Таким образом, целомудрие и девственность долго представляли собой образец поведения, и доводы в их пользу были самые разные: гигиенические, спортивные, психологические, религиозные, сектантские и пр. Однако в конце XIX века в Западной Европе эта модель начинает давать трещину. Священная роль и магические способности девушки, никогда не знавшей мужчины, высмеиваются в оперетте «Талисман» Эдмона Одрана (1880): девушка Беттина пасет индюшек и приносит удачу своим хозяевам. Но этот дар она хранит только до тех пор, пока нетронутым остается ее «цветок апельсина». В конце концов новоявленная весталка решает пожертвовать своими магическими возможностями ради замужества.
Анатомы смеются над представлением, будто девственная плева «дарована людям Провидением для защиты нравственности», и говорят о том, что подобные пленки или складки есть и у некоторых животных. Полное воздержание приводит к физическим и психическим расстройствам. Во всяком случае, оно порождает «сластолюбивые мысли», неподобающие образу античной девы.[354]
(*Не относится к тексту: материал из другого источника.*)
(* For all non-negative integers $p,q,r$ with $p+q\le r$, $\lambda_{\min}(\mathcal{Q}_{p,q,r})\ge-\tau$, where $\tau=\frac{1+\sqrt5}{2}$.
   Context: An edge-signed graph is a finite simple graph each of whose edges is labelled $+$ or $-$; its signed adjacency matrix $M(\mathcal{S})$ has $(u,v)$-entry $1$ for a $(+)$-edge, $-1$ for a $(-)$-edge, $0$ otherwise, and $\lambda_{\min}(\mathcal{S})$ denotes its smallest eigenvalue. For non-negative integers $p,q,r$ with $p+q\le r$, $\mathcal{Q}_{p,q,r}$ is the edge-signed graph defined as follows: its vertex set is a disjoint union $V_p\cup V_q\cup V_r$ with $|V_p|=p$, $|V_q|=q$, $|V_r|=r$; choose disjoint subsets $U_p,U_q\subseteq V_r$ with $|U_p|=p$, $|U_q|=q$ and bijections $\sigma:V_p\to U_p$, $\rho:V_q\to U_q$. The $(+)$-edges are all pairs of distinct vertices of $V_r$ together with the pairs $\{v,\sigma(v)\}$, $v\in V_p$; the $(-)$-edges are the pairs $\{v,\rho(v)\}$, $v\in V_q$; there are no other edges. *)

From HB Require Import structures.
From mathcomp Require Import all_boot all_order all_algebra.
Set Implicit Arguments. Unset Strict Implicit. Unset Printing Implicit Defensive.
Import Order.TTheory GRing.Theory Num.Theory.
Local Open Scope ring_scope.

(* Vertices of Q_{p,q,r} are 'I_(p+q+r) = 'I_((p+q)+r): the first p are V_p,
   the next q are V_q, the last r are V_r. *)
Definition Qclass (p q r : nat) (i : 'I_(p + q + r)) : ('I_p + 'I_q) + 'I_r :=
  match split i with
  | inl a => inl (split a)
  | inr k => inr k
  end.

Definition Qentry (R : pzRingType) (p q r : nat)
    (sigma : 'I_p -> 'I_r) (rho : 'I_q -> 'I_r)
    (u v : ('I_p + 'I_q) + 'I_r) : R :=
  match u, v with
  | inr a, inr b => if a != b then 1 else 0
  | inl (inl x), inr b => if sigma x == b then 1 else 0
  | inr b, inl (inl x) => if sigma x == b then 1 else 0
  | inl (inr y), inr b => if rho y == b then -1 else 0
  | inr b, inl (inr y) => if rho y == b then -1 else 0
  | _, _ => 0
  end.

Definition Qmx (R : pzRingType) (p q r : nat)
    (sigma : 'I_p -> 'I_r) (rho : 'I_q -> 'I_r) : 'M[R]_(p + q + r) :=
  \matrix_(i, j) Qentry R sigma rho (Qclass i) (Qclass j).

Definition tau (R : rcfType) : R := (1 + Num.sqrt 5) / 2.

From HB Require Import structures.
From mathcomp Require Import all_boot all_order all_algebra.
From mathcomp Require Import ring lra.
Set Implicit Arguments. Unset Strict Implicit. Unset Printing Implicit Defensive.
Import Order.TTheory GRing.Theory Num.Theory.
Local Open Scope ring_scope.

(* Let v be a left
   eigenvector of M = M(Q_{p,q,r}) for an eigenvalue a < -tau, and write f, h
   and g for its restrictions to V_p, V_q and V_r.  The eigen-equations read
     g(sigma x) = a f(x),    g(rho y) = -a h(y),
     sum_{sigma x = b} f(x) - sum_{rho y = b} h(y) + (T - g(b)) = a g(b),
   where T = sum_b g(b).  Multiplying the last one by a and substituting the
   first two gives  a T = g(b) (a^2 + a - k(b))  with k(b) in {0,1} counting
   the pendant vertices attached to b.  Since a < -tau, a^2 + a - 1 > 0, so
   every coefficient c(b) = a^2 + a - k(b) is positive; summing g(b) = a T/c(b)
   gives T (1 - a S) = 0 with S >= 0, hence T = 0, hence g = 0, f = 0, h = 0,
   contradicting v <> 0.  The file first locates the three vertex classes,
   then proves the purely numerical facts (golden ratio, the "star" lemma),
   then derives the eigen-equations, and finally assembles the theorem. *)

Lemma Qclass_p p q r (x : 'I_p) : Qclass (lshift r (lshift q x)) = inl (inl x).
Proof. by rewrite /Qclass (unsplitK (inl _)) (unsplitK (inl _)). Qed.

Lemma Qclass_q p q r (y : 'I_q) : Qclass (lshift r (rshift p y)) = inl (inr y).
Proof. by rewrite /Qclass (unsplitK (inl _)) (unsplitK (inr _)). Qed.

Lemma Qclass_r p q r (b : 'I_r) : Qclass (rshift (p + q) b) = inr b.
Proof. by rewrite /Qclass (unsplitK (inr _)). Qed.

Lemma sum_Qvertices (V : nmodType) p q r (F : 'I_(p + q + r) -> V) :
  \sum_i F i = \sum_(x < p) F (lshift r (lshift q x))
             + \sum_(y < q) F (lshift r (rshift p y))
             + \sum_(b < r) F (rshift (p + q) b).
Proof. by rewrite big_split_ord /= big_split_ord. Qed.

Definition hit (R : pzSemiRingType) m r (f : 'I_m -> 'I_r) (b : 'I_r) : R :=
  if [exists x, f x == b] then 1 else 0.

Lemma sum_fibre_indicator (R : pzSemiRingType) m r (f : 'I_m -> 'I_r)
    (f_inj : injective f) (b : 'I_r) :
  \sum_(x < m) (if f x == b then 1 else 0) = hit R f b.
Proof.
rewrite /hit; case: existsP => [[x0 /eqP fx0] | no_preim].
  rewrite (bigD1 x0) //= fx0 eqxx big1 ?addr0 // => x x_neq.
  by case: eqP => // fx; case/eqP: x_neq; apply: f_inj; rewrite fx fx0.
by rewrite big1 // => x _; case: eqP => // fx; case: no_preim; exists x; rewrite fx.
Qed.

Lemma hit_disjoint_le1 (R : numDomainType) m n r
    (f : 'I_m -> 'I_r) (f' : 'I_n -> 'I_r)
    (disj : forall x y, f x != f' y) (b : 'I_r) :
  hit R f b + hit R f' b <= 1.
Proof.
rewrite /hit; case: existsP => [[x /eqP fx]|_]; case: existsP => [[y /eqP fy]|_].
- by have := disj x y; rewrite fx fy eqxx.
- by rewrite addr0.
- by rewrite add0r.
- by rewrite addr0 ler01.
Qed.

Lemma golden_quadratic_pos (R : rcfType) (a : R) :
  a < - tau R -> a < 0 /\ 0 < a ^+ 2 + a - 1.
Proof.
have sqrt5_sq : Num.sqrt (5 : R) ^+ 2 = 5 by rewrite sqr_sqrtr // ler0n.
have sqrt5_ge0 : 0 <= Num.sqrt (5 : R) by exact: sqrtr_ge0.
have tau_gt1 : 1 < tau R by rewrite /tau; nra.
have tau_sq : tau R ^+ 2 = tau R + 1 by rewrite /tau; nra.
by move=> a_lt; split; nra.
Qed.

(* Star lemma: if a < 0 and a (sum_b g b) = g b * c b with all c b > 0, then
   g vanishes; indeed T = sum g satisfies T (1 - a sum_b 1/c b) = 0. *)
Lemma star_vanish (R : realFieldType) r (a : R) (g c : 'I_r -> R) :
  a < 0 -> (forall b, 0 < c b) ->
  (forall b, a * \sum_(b' < r) g b' = g b * c b) -> forall b, g b = 0.
Proof.
move=> a_lt0 c_gt0 star; set T := \sum_(b' < r) g b'.
have g_def b : g b = a * T / c b by rewrite (star b) mulfK // gt_eqF.
pose S := \sum_(b < r) (c b)^-1.
have S_ge0 : 0 <= S by apply: sumr_ge0 => b _; rewrite invr_ge0 ltW.
have T_fix : T * (1 - a * S) = 0.
  have T_eq : T = a * T * S by rewrite {1}/T (eq_bigr _ (fun b _ => g_def b)) -mulr_sumr.
  by apply/eqP; rewrite mulrBr mulr1 subr_eq0; apply/eqP; rewrite {1}T_eq; ring.
have T0 : T = 0.
  move/eqP: T_fix; rewrite mulf_eq0 => /orP [/eqP //|].
  rewrite subr_eq0 => /eqP one_eq.
  have pos : 0 < 1 - a * S by nra.
  by rewrite -one_eq subrr ltxx in pos.
by move=> b; rewrite g_def T0 mulr0 mul0r.
Qed.

Section QEigenEquations.

Variables (R : comNzRingType) (p q r : nat).
Variables (sigma : 'I_p -> 'I_r) (rho : 'I_q -> 'I_r).
Variables (v : 'rV[R]_(p + q + r)) (a : R).
Hypothesis eigen : v *m Qmx R sigma rho = a *: v.

Definition vp (x : 'I_p) : R := v 0 (lshift r (lshift q x)).
Definition vq (y : 'I_q) : R := v 0 (lshift r (rshift p y)).
Definition vr (b : 'I_r) : R := v 0 (rshift (p + q) b).

Lemma eigen_entry j : \sum_i v 0 i * Qmx R sigma rho i j = a * v 0 j.
Proof. by have := congr1 (fun m : 'rV[R]_(p + q + r) => m 0 j) eigen; rewrite !mxE. Qed.

(* Column of a vertex x of V_p: its only neighbour is sigma x. *)
Lemma eigen_Vp x : vr (sigma x) = a * vp x.
Proof.
rewrite -eigen_entry sum_Qvertices.
rewrite big1 ?add0r => [|x' _]; last by rewrite mxE Qclass_p Qclass_p mulr0.
rewrite big1 ?add0r => [|y' _]; last by rewrite mxE Qclass_q Qclass_p mulr0.
rewrite (bigD1 (sigma x)) //= mxE Qclass_r Qclass_p /= eqxx mulr1.
rewrite big1 ?addr0 // => b b_neq; rewrite mxE Qclass_r Qclass_p /=.
by rewrite eq_sym (negbTE b_neq) mulr0.
Qed.

(* Column of a vertex y of V_q: its only neighbour is rho y, with sign -1. *)
Lemma eigen_Vq y : vr (rho y) = - a * vq y.
Proof.
rewrite mulNr -eigen_entry sum_Qvertices.
rewrite big1 ?add0r => [|x' _]; last by rewrite mxE Qclass_p Qclass_q mulr0.
rewrite big1 ?add0r => [|y' _]; last by rewrite mxE Qclass_q Qclass_q mulr0.
rewrite (bigD1 (rho y)) //= mxE Qclass_r Qclass_q /= eqxx mulrN1.
rewrite big1 ?addr0 ?opprK // => b b_neq; rewrite mxE Qclass_r Qclass_q /=.
by rewrite eq_sym (negbTE b_neq) mulr0.
Qed.

Hypotheses (sigma_inj : injective sigma) (rho_inj : injective rho).

(* Column of a vertex b of V_r, multiplied by a and with the pendant
   contributions eliminated through [eigen_Vp] and [eigen_Vq]. *)
Lemma eigen_Vr b :
  a * \sum_(c < r) vr c = vr b * (a ^+ 2 + a - (hit R sigma b + hit R rho b)).
Proof.
have := eigen_entry (rshift (p + q) b); rewrite sum_Qvertices.
under eq_bigr => x _ do rewrite mxE Qclass_p Qclass_r /=.
under [X in _ + X + _]eq_bigr => y _ do rewrite mxE Qclass_q Qclass_r /=.
under [X in _ + X]eq_bigr => c _ do rewrite mxE !Qclass_r /=.
have Vp_part : a * \sum_(x < p) vp x * (if sigma x == b then 1 else 0)
               = vr b * hit R sigma b.
  rewrite -(sum_fibre_indicator _ sigma_inj) !mulr_sumr; apply: eq_bigr => x _.
  by case: eqP => [<-|_]; rewrite ?mulr0 // eigen_Vp !mulr1.
have Vq_part : a * \sum_(y < q) vq y * (if rho y == b then -1 else 0)
               = vr b * hit R rho b.
  rewrite -(sum_fibre_indicator _ rho_inj) !mulr_sumr; apply: eq_bigr => y _.
  by case: eqP => [<-|_]; rewrite ?mulr0 // eigen_Vq; ring.
have Vr_part : \sum_(c < r) vr c * (if c != b then 1 else 0)
               = \sum_(c < r) vr c - vr b.
  rewrite [in RHS](bigD1 b) //= (bigD1 b) //= eqxx mulr0 add0r addrAC subrr add0r.
  by apply: eq_bigr => c c_neq; rewrite c_neq mulr1.
rewrite Vr_part => /(congr1 (fun z => a * z)); rewrite !mulrDr Vp_part Vq_part.
rewrite -/(vr b) => /eqP; rewrite -subr_eq0 => /eqP col_b.
by rewrite -[LHS]subr0 -[X in _ - X]col_b; ring.
Qed.

End QEigenEquations.

Theorem mainTheorem5 (R : rcfType) (p q r : nat) (hpqr : (p + q <= r)%N)
    (sigma : 'I_p -> 'I_r) (rho : 'I_q -> 'I_r)
    (hsigma : injective sigma) (hrho : injective rho)
    (hdisj : forall (x : 'I_p) (y : 'I_q), sigma x != rho y)
    (a : R) :
  eigenvalue (Qmx R sigma rho) a -> - tau R <= a.
Proof.
move/eigenvalueP => [v eigen v_neq0]; rewrite leNgt; apply/negP => a_lt.
have [a_lt0 golden_pos] := golden_quadratic_pos a_lt.
have coef_pos b : 0 < a ^+ 2 + a - (hit R sigma b + hit R rho b).
  by have := hit_disjoint_le1 R hdisj b; lra.
have vr0 := star_vanish a_lt0 coef_pos (eigen_Vr eigen hsigma hrho).
have vp0 x : vp v x = 0.
  by move/eqP: (eigen_Vp eigen x); rewrite vr0 eq_sym mulf_eq0 (lt_eqF a_lt0) => /eqP.
have vq0 y : vq v y = 0.
  by move/eqP: (eigen_Vq eigen y); rewrite vr0 eq_sym mulf_eq0 oppr_eq0 (lt_eqF a_lt0) => /eqP.
case/negP: v_neq0; apply/eqP/rowP => j; rewrite mxE.
rewrite -(splitK j); case: (split j) => [k|b]; last exact: vr0.
by rewrite -(splitK k); case: (split k) => [x|y]; [exact: vp0 | exact: vq0].
Qed.
Lemma min_skew_forcing_set_avoid_leaf S : min_forcing U S ->
  exists S', [/\ min_forcing U S', l \notin S', p \notin S' &
                 connect (ZTE_adj_in e U) S S'].
Proof.
move=> minS; have [lpS|] := boolP ((l \in S) || (p \in S)); last first.
  by rewrite negb_or => /andP [lS pS]; exists S; split.
have [Q [cardQ leXS fX]] := skew_forcing_set_shrink (min_skew_forcing_set_inW minS).
set X := Q :|: (S :&: U') in leXS fX.
have minX := min_skew_forcing_set_in_card minS (skew_forcing_set_lift fX) leXS.
have sXU' : X \subset U' by case/andP: fX.
have [lX pX] : l \notin X /\ p \notin X.
  by split; apply/negP => /(subsetP sXU'); rewrite !inE eqxx ?andbF.
exists X; split => //; apply/connect1/ZTE_adj_inP => //.
have -> : S :\: X = S :\: U'.
  apply/setP => w; rewrite !(in_setD S) andbC [RHS]andbC; apply: andb_id2l => wS.
  congr (~~ _); apply/idP/idP => [/(subsetP sXU') // | wU'].
  by rewrite /X in_setU in_setI wS wU' orbT.
have : 0 < #|S :\: U'|.
  apply/card_gt0P; case/orP: lpS => [lS|pS]; [exists l | exists p];
    by rewrite in_setD ?lS ?pS !inE eqxx ?andbF.
have := min_skew_forcing_set_in_leq minS (min_skew_forcing_set_inW minX); rewrite /X.
have := cardsID U' S; have := cardsU Q (S :&: U'); lia.
Qed.

Lemma ZTE_adj_in_lift S1 S2 : ZTE_adj_in e U' S1 S2 -> ZTE_adj_in e U S1 S2.
Proof.
case/and4P=> min1 min2 d12 d21.
by rewrite /ZTE_adj_in !min_skew_forcing_set_lift ?d12 ?d21.
Qed.

Lemma ZTE_adj_in_connected_leaf S1 S2 :
  (forall X1 X2, min_forcing U' X1 -> min_forcing U' X2 -> connect (ZTE_adj_in e U') X1 X2) ->
  min_forcing U S1 -> min_forcing U S2 -> connect (ZTE_adj_in e U) S1 S2.
Proof.
move=> connected' min1 min2.
have [X1 [minX1 lX1 pX1 cSX1]] := min_skew_forcing_set_avoid_leaf min1.
have [X2 [minX2 lX2 pX2 cSX2]] := min_skew_forcing_set_avoid_leaf min2.
have cX12 : connect (ZTE_adj_in e U) X1 X2.
  move: (connected' X1 X2 (min_skew_forcing_set_restrict minX1 lX1 pX1)
                          (min_skew_forcing_set_restrict minX2 lX2 pX2)).
  by apply: connect_sub => A B /ZTE_adj_in_lift /connect1.
apply: connect_trans cSX1 (connect_trans cX12 _).
by rewrite (sym_connect_sym (ZTE_adj_in_sym e U)).
Qed.

End LeafDeletion.

Section ForestLeaf.
Variables (T : finType) (e : rel T).
Hypotheses (e_sym : symmetric e) (e_irr : irreflexive e) (e_acyclic : acyclic e).
Variable U : {set T}.

Lemma path_end_leaf x y s :
  uniq (x :: y :: s) -> y \in U -> path e x (y :: s) ->
  {subset [set w in U | e x w] <= x :: y :: s} -> [set w in U | e x w] = [set y].
Proof.
move=> uniq_xys yU exys nbhd_x; apply/setP => w.
apply/idP/set1P => [xw|->]; last by rewrite inE yU; case/andP: exys.
have := nbhd_x w xw; rewrite !inE => /or3P [/eqP wx|/eqP //|ws].
  by move: xw; rewrite inE wx e_irr andbF.
case/splitPr: ws uniq_xys exys xw => s1 s2.
rewrite -cat_rcons -!cat_cons cat_uniq cat_path => /andP [uniq_c _] /andP [path_c _] xw.
have := e_acyclic uniq_c; rewrite [size _]/= size_rcons => /(_ isT) /negP []; rewrite /=.
rewrite rcons_path last_rcons [e w x]e_sym andbA.
by move: xw; rewrite inE => /andP [_ ->]; rewrite andbT.
Qed.

Lemma exists_leaf_of_path x y s :
  uniq (x :: y :: s) -> {subset x :: y :: s <= U} -> path e x (y :: s) ->
  exists l p, l \in U /\ [set w in U | e l w] = [set p].
Proof.
have [n] := ubnP (#|U| - size s).
elim: n x y s => // n IHn x y s lt_n uniq_xys sub_xys exys.
have [/existsP [w /and3P [wU exw w_new]]|no_ext] :=
  boolP [exists w in U, e x w && (w \notin x :: y :: s)].
  have uniq_wxys : uniq (w :: x :: y :: s) by rewrite /= w_new.
  have sub_wxys : {subset w :: x :: y :: s <= U} by move=> z /predU1P [->|/sub_xys].
  have : size (w :: x :: y :: s) <= #|U|.
    by rewrite -(card_uniqP uniq_wxys); apply/subset_leq_card/subsetP.
  move=> /= le_size; apply: (IHn w x (y :: s)) => //=; last by rewrite e_sym exw.
  by move: le_size lt_n; set k := size s; lia.
exists x, y; split; first by apply: sub_xys; rewrite inE eqxx.
apply: (@path_end_leaf x y s) => //; first by apply: sub_xys; rewrite !inE eqxx orbT.
move=> w; rewrite inE => /andP [wU exw]; apply: contraNT no_ext => w_new.
by apply/existsP; exists w; rewrite wU exw.
Qed.

Lemma forest_leaf_or_edgeless :
  (exists l p, l \in U /\ [set w in U | e l w] = [set p]) \/
  (forall u v, u \in U -> v \in U -> ~~ e u v).
Proof.
have [/existsP [u /andP [uU /existsP [v /andP [vU euv]]]]|no_edge] :=
  boolP [exists u in U, exists v in U, e u v]; [left | right].
  apply: (@exists_leaf_of_path u v [::]) => /=; last by rewrite euv.
    by rewrite inE andbT; apply: contraTneq euv => ->; rewrite e_irr.
  by move=> w; rewrite !inE => /orP [] /eqP ->.
move=> u v uU vU; apply: contra no_edge => euv.
by apply/existsP; exists u; rewrite uU; apply/existsP; exists v; rewrite vU.
Qed.

End ForestLeaf.

Lemma forest_ZTE_adj_in_connected (T : finType) (e : rel T) :
  symmetric e -> irreflexive e -> acyclic e ->
  forall U S1 S2, min_skew_forcing_set_in e U S1 -> min_skew_forcing_set_in e U S2 ->
  connect (ZTE_adj_in e U) S1 S2.
Proof.
move=> e_sym e_irr e_acyclic U; have [n] := ubnP #|U|.
elim: n U => // n IHn U ltUn S1 S2.
have [[l [p [lU leaf_lp]]]|no_edge] := forest_leaf_or_edgeless e_sym e_irr e_acyclic U.
  apply: (ZTE_adj_in_connected_leaf e_sym e_irr lU leaf_lp); apply: IHn.
  rewrite (cardsD1 l U) lU in ltUn.
  exact: leq_ltn_trans (subset_leq_card (subD1set _ _)) ltUn.
move=> /min_skew_forcing_set_inW /(skew_forcing_set_edgeless no_edge) ->.
by move=> /min_skew_forcing_set_inW /(skew_forcing_set_edgeless no_edge) ->.
Qed.

Theorem theorem5p26 (T : finType) (e : rel T) :
  is_tree e -> ZTE_connected e.
Proof.
case=> [[e_sym e_irr] _ e_acyclic] S1 S2.
rewrite -!min_skew_forcing_set_in_setT -(eq_connect (ZTE_adj_in_setT e)).
exact: forest_ZTE_adj_in_connected.
Qed.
Антропологи считают, что значение плевы весьма относительно, а Симона де Бовуар приходит к такому выводу: «Мужчина требует девственности от невесты, поскольку считает жену своей собственностью».[355] И хотя в 1920 году к лику святых была причислена Жанна д’Арк, освобожденные женщины предпочитали подражать Коко Шанель или Айседоре Дункан.Освобождение женщины поначалу весьма ограничено. Успехи в разработке контрацептивных средств позволили женщинам не столь опасаться наследников Дон Жуана, как раньше, и отходить иногда от слишком строгих правил воздержания. Но буржуазная модель по-прежнему соединяла безбрачие и целомудрие. Например, даже врачи, говорящие об опасности полового воздержания, не предлагают в качестве лекарства простую половую связь. «Самые нелепые и устойчивые симптомы исчезали через несколько недель, а то и несколько дней после брака». Опасности воздержания по молчаливому уговору отнесены к безбрачию, «противному законам природы, а также вредному для здоровья тех, кто строго его соблюдает». Среди опасностей воздержания называется бесплодие: из 100 мужчин-холостяков лишь 10 % способны зачать ребенка, у женщин угроза бесплодия еще сильнее.[356]
Мы видим здесь непроизвольное сближение безбрачия и целомудрия, сексуальности и брака и поразительное утверждение о бесплодности холостяков, напоминающее лицемерие старинной медицины, утверждавшей, что проститутки бесплодны. Все это говорит о том, что старые предрассудки сохраняются даже после того, как нравы общества становятся более свободными.Распущенность холостяков по-прежнему беспокоит благонамеренные умы. На смену опасениям нравственного порядка приходят медицинские. С конца XIX века и до Второй мировой войны свирепствует сифилис. Некоторые начинают думать, что следовало бы запретить вступление в брак «зараженным лицам»: «Это была бы экспроприация права на брак ради общественной пользы». Герен де ла Грассери, выдвинувший такое предложение, имеет в виду в первую очередь сифилитиков и туберкулезных больных, но то же самое, по его мнению, может касаться и людей, страдающих некоторыми наследственными заболеваниями: «Самые опасные болезни дают право стерилизовать их носителей».
Доктор Анна Фишер высказывается еще более категорично: «Тот, кто знает, что неизлечимо болен, должен отказаться от брака, ибо плодить детей-сифилитиков — это преступление». Мы знаем, куда завели подобные идеи в странах, где появилась возможность применить их на практике. Нацистская Германия вела откровенную евгеническую политику, во Франции профессор Пинар, депутат и председатель Французского общества евгеники, в 1924 году предлагал ввести сертификат о добрачном обследовании, а правительство Виши в 1942–1943 годах предписывало обязательное получение такого сертификата. В 1953 году это требование вошло в кодекс общественного здоровья.[357]